Consider this piece of code.

#include <iostream>
#include <vector>

using namespace std;


int main()
{
    vector <int *> test;
    vector <int *> v;
    int *a = new int;
    int *b = new int;
    *a = 1;
    *b = 2;
    v.push_back (a);
    v.push_back (b);
    for (int i = 0; i < 2; ++i)
    {
        int n = *v[i];
        test.push_back (&n);
    }
    cout << *test[0] << " " << *test[1] << endl;
    delete a;
    delete b;
    return 0;
}

The problem's statement is:

"Given this code, answer the following questions:

1. Why does "test" vector contain only 2's?

2. How can we change for loop to copy properly (only code inside for loop)?"

I couldn't answer any of these questions, so a little bit of help will be appreciated.

Thanks in advance.

Answer 1

That code introduces dangling pointers.

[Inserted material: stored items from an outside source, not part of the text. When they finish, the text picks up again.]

Lemma Cn_reflect n : forall f, Cn n f -> Cn n (fun x => f (1 - x)).
Proof.
  induction n as [|n IH]; intros f Cf; simpl; [trivial|].
  destruct Cf as [f' [Df Cf']].
  exists (fun x => -1 * f' (1 - x)); split.
  - intro x.
    assert (Dl : derivable_pt_lim (fun x => 1 - x) x (-1)).
    { replace (-1) with (0 - 1) by ring.
      apply (derivable_pt_lim_minus (fun _ => 1) id);
        [apply derivable_pt_lim_const | apply derivable_pt_lim_id]. }
    pose proof (derivable_pt_lim_comp _ f x _ _ Dl (Df (1 - x))) as D.
    replace (-1 * f' (1 - x)) with (f' (1 - x) * -1) by ring. exact D.
  - apply (Cn_mult n (fun _ => -1)); [apply Cn_const | apply IH; assumption].
Qed.

Lemma Cn_of_derivative_seq (d : nat -> R -> R) :
  (forall k x, derivable_pt_lim (d k) x (d (Datatypes.S k) x)) ->
  forall n k, Cn n (d k).
Proof.
  intros D n; induction n as [|n IH]; intro k; simpl; [trivial|].
  exists (d (Datatypes.S k)); split; [apply D | apply IH].
Qed.

Lemma smooth_of_Cn (f : R -> R) : (forall n, Cn n f) -> smooth f.
Proof.
  intro Cf.
  set (der g := epsilon (inhabits (fun _ => 0))
                  (fun g' => forall x, derivable_pt_lim g x (g' x))).
  assert (Hder : forall g, (forall n, Cn n g) ->
            (forall x, derivable_pt_lim g x (der g x)) /\ (forall n, Cn n (der g))).
  { intros g Cg.
    destruct (Cg 1%nat) as [g1 [Dg1 _]].
    assert (Dder : forall x, derivable_pt_lim g x (der g x))
      by exact (epsilon_spec _ (fun g' => forall x, derivable_pt_lim g x (g' x))
                  (ex_intro _ g1 Dg1)).
    split; [assumption|]. intro n.
    destruct (Cg (Datatypes.S n)) as [g' [Dg' Cg']].
    replace (der g) with g'; [assumption|].
    apply functional_extensionality; intro x; eapply uniqueness_limite; eauto. }
  assert (Citer : forall n m, Cn m (Nat.iter n der f))
    by (induction n; simpl; [assumption | apply Hder; assumption]).
  exists (fun n => Nat.iter n der f); split; [reflexivity|].
  intros n x; apply Hder, Citer.
Qed.

(** * Flatness of h at 0 *)

Fixpoint peval (p : list R) (t : R) : R :=
  match p with nil => 0 | a :: q => a + t * peval q t end.

Fixpoint padd (p q : list R) : list R :=
  match p, q with
  | nil, _ => q
  | _, nil => p
  | a :: p', b :: q' => (a + b) :: padd p' q'
  end.

Fixpoint pderiv (p : list R) : list R :=
  match p with nil => nil | a :: q => padd q (0 :: pderiv q) end.

Fixpoint pnorm1 (p : list R) : R :=
  match p with nil => 0 | a :: q => Rabs a + pnorm1 q end.

(* For x > 0 the k-th derivative of h is [flat_poly k (1/x) * exp (-1/x)], since
   (p(1/x) e^{-1/x})' = (1/x)^2 (p - p')(1/x) e^{-1/x}. *)
Fixpoint flat_poly (k : nat) : list R :=
  match k with
  | O => 1 :: nil
  | Datatypes.S k' => 0 :: 0 :: padd (flat_poly k') (map Ropp (pderiv (flat_poly k')))
  end.

Lemma peval_padd p : forall q t, peval (padd p q) t = peval p t + peval q t.
Proof. induction p as [|a p IH]; intros [|b q] t; simpl; try ring. rewrite IH; ring. Qed.

Lemma peval_opp p t : peval (map Ropp p) t = - peval p t.
Proof. induction p as [|a p IH]; simpl; [ring | rewrite IH; ring]. Qed.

The body of the loop looks like this:

{
    int n = *v[i];
    test.push_back (&n);
}

The local variable n loses scope as soon as the loop body ends, so the pointer &n is now a dangling pointer. If it happens that test contains only 2's, that's just what randomly came out of what is undefined behavior .

If you want to "properly" copy the data over to test , you can change the for loop body to this:

{
    int* n = new int;
    *n = *v[i];
    test.push_back (n);
}

Please take the "properly" with a grain of salt...

Answer 2

The first question is a trick question: The vector contains pointers to a variable that no longer exists, and dereferencing that could cause pretty much any output. I imagine on some machines and compilers it prints all 2 s however.

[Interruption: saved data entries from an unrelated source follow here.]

(* Let $\mathcal X$ be a CAT(0) cube complex, $F$ a convex subcomplex, and $f$ a $0$-cube of $F$. Let $F^\perp$ denote the orthogonal complement of $F$ at $f$, and iteratively let $(F^\perp)^\perp$ denote the orthogonal complement of $F^\perp$ at $f$, etc. Then $((F^\perp)^\perp)^\perp=F^\perp$.
   Context: Two convex subcomplexes are parallel if exactly the same hyperplanes intersect them. Orthogonal complement: for a convex subcomplex $A$, let $P_A$ be the convex hull of the union of all convex subcomplexes parallel to $A$; then there is a CAT(0) cube complex $A^\perp$ (the abstract orthogonal complement) and a cubical isometric embedding $\phi_A:A\times A^\perp\to\mathcal X$ with image $P_A$ such that $\phi_A(A\times\{t\})$ are the parallel copies of $A$ and $\phi_A(A\times\{t_0\})=A$. For a $0$-cube $a\in A$, the orthogonal complement of $A$ at $a$ is the convex subcomplex $\phi_A(\{a\}\times A^\perp)$, which contains $a$. *)

(* A CAT(0) cube complex is represented by its 1-skeleton,
   a median graph (Chepoi / Roller / Gerasimov); 0-cubes are vertices, a
   subcomplex is represented by its set of 0-cubes. *)
From Stdlib Require Import Arith List.

Unset Implicit Arguments.

Inductive walk {V : Type} (adj : V -> V -> Prop) : V -> V -> nat -> Prop :=
| walk_nil : forall x, walk adj x x 0
| walk_cons : forall x y z n, adj x y -> walk adj y z n -> walk adj x z (S n).

Definition dist {V : Type} (adj : V -> V -> Prop) (x y : V) (n : nat) : Prop :=
  walk adj x y n /\ forall m, walk adj x y m -> n <= m.

Definition interval {V : Type} (adj : V -> V -> Prop) (x y z : V) : Prop :=
  exists a b, dist adj x z a /\ dist adj z y b /\ dist adj x y (a + b).

Definition median_graph {V : Type} (adj : V -> V -> Prop) : Prop :=
  (forall x y, adj x y -> adj y x) /\
  (forall x, ~ adj x x) /\
  (forall x y, exists n, walk adj x y n) /\
  (forall x y z, exists m,
      interval adj x y m /\ interval adj y z m /\ interval adj x z m /\
      forall m', interval adj x y m' -> interval adj y z m' ->
                 interval adj x z m' -> m' = m).

Definition gconvex {V : Type} (adj : V -> V -> Prop) (S : V -> Prop) : Prop :=
  forall x y z, S x -> S y -> interval adj x y z -> S z.

Definition convex_sub {V : Type} (adj : V -> V -> Prop) (S : V -> Prop) : Prop :=
  gconvex adj S /\ exists x, S x.

(* Djokovic-Winkler relation: edges uv and xy are dual to the same hyperplane *)
Definition Theta {V : Type} (adj : V -> V -> Prop) (u v x y : V) : Prop :=
  exists a b c d, dist adj u x a /\ dist adj v y b /\ dist adj u y c /\
    dist adj v x d /\ a + b <> c + d.

(* the hyperplane dual to the edge uv intersects the subcomplex S *)
Definition crosses {V : Type} (adj : V -> V -> Prop) (u v : V) (S : V -> Prop) : Prop :=
  exists x y, S x /\ S y /\ adj x y /\ Theta adj u v x y.

Definition parallel {V : Type} (adj : V -> V -> Prop) (A B : V -> Prop) : Prop :=
  forall u v, adj u v -> (crosses adj u v A <-> crosses adj u v B).

Definition hull {V : Type} (adj : V -> V -> Prop) (S : V -> Prop) (x : V) : Prop :=
  forall C, gconvex adj C -> (forall y, S y -> C y) -> C x.

Definition parallel_union {V : Type} (adj : V -> V -> Prop) (A : V -> Prop) (x : V) : Prop :=
  exists B, convex_sub adj B /\ parallel adj A B /\ B x.

Definition PA {V : Type} (adj : V -> V -> Prop) (A : V -> Prop) : V -> Prop :=
  hull adj (parallel_union adj A).

(* 1-skeleton of the product cube complex A x W (A with induced structure) *)
Definition prod_adj {V W : Type} (adj : V -> V -> Prop) (adjW : W -> W -> Prop)
  (A : V -> Prop) (p q : sig A * W) : Prop :=
  (adj (proj1_sig (fst p)) (proj1_sig (fst q)) /\ snd p = snd q) \/
  (fst p = fst q /\ adjW (snd p) (snd q)).

(* (W, adjW) is an abstract orthogonal complement of A, with
   cubical isometric embedding phi : A x W -> X and base point t0 *)
Definition orth_decomp {V W : Type} (adj : V -> V -> Prop) (A : V -> Prop)
  (adjW : W -> W -> Prop) (phi : sig A * W -> V) (t0 : W) : Prop :=
  median_graph adjW /\
  (forall p q n, dist (prod_adj adj adjW A) p q n <-> dist adj (phi p) (phi q) n) /\
  (forall x, PA adj A x <-> exists p, phi p = x) /\
  (forall B, (convex_sub adj B /\ parallel adj A B) <->
             exists t, forall x, B x <-> exists a, phi (a, t) = x) /\
  (forall a, phi (a, t0) = proj1_sig a).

I can't understand what the exercise is trying to do (why does it use vectors of pointers for example) so I can't really help with how to solve the problem.

One way you could do it is by making test store by value:

First change the test vector to vector <int> test;

Then change the push_back to something like test.push_back (n); and finally the print statements to remove the now-unneeded * operators.

EDIT for comment:

First, I'm suspect of this book: It shouldn't be demonstrating undefined behavior or raw pointers to single builtin types. But you can change your loop body if you want:

 for (int i = 0; i < 2; ++i)
 {
     int* n = new int;
    *n = *v[i];
     test.push_back (&n);
 }

Note that both this will cause a memory leak unless you later delete those pointers, a problem that storing by value eliminates.

Answer 3

You push two the same pointers to n into test array. n equals the last element of your first array. Note that after control flow exited the loop, all pointers to n become invalid. So, in fact your test array contains invalid pointers, not pointers to 2s.

You should create a copy of each integer:

int* n = new int(*v[i]);
test.push_back (n);

Note also that you have memory leak here. Each int created using new should be later destroyed using delete .

Answer 4

1) I think that the premise of the question is faulty. The loop adds two elements to test , each contains the address of the automatic variable n , the scope of which is limited to the body of the loop. It's not guaranteed that n will be allocated the same memory location in both passes through the loop, but I suppose that it's likely that most compilers will reuse the same location in both passes.

Moreover, n is out of scope at the output statement. So referencing the pointers in test to those memory locations is undefined. Again, there's a good chance that they will still contain the values assigned in the loop.

So, only if the same location gets reused for n in the second pass of the loop and that location has not been overwritten at the time the output statement is executed, will the output be "2 2". There is no guarantee of either of these premises.

2) To get the output "1 2" without changing anything outside the loop, one could change the definition of n to int& n = *v[i] , which would be a single character change from the given code, though the end result is rather strange.

A simpler solution would be to eliminate the temporary n and simply test.push_back(v[i]) .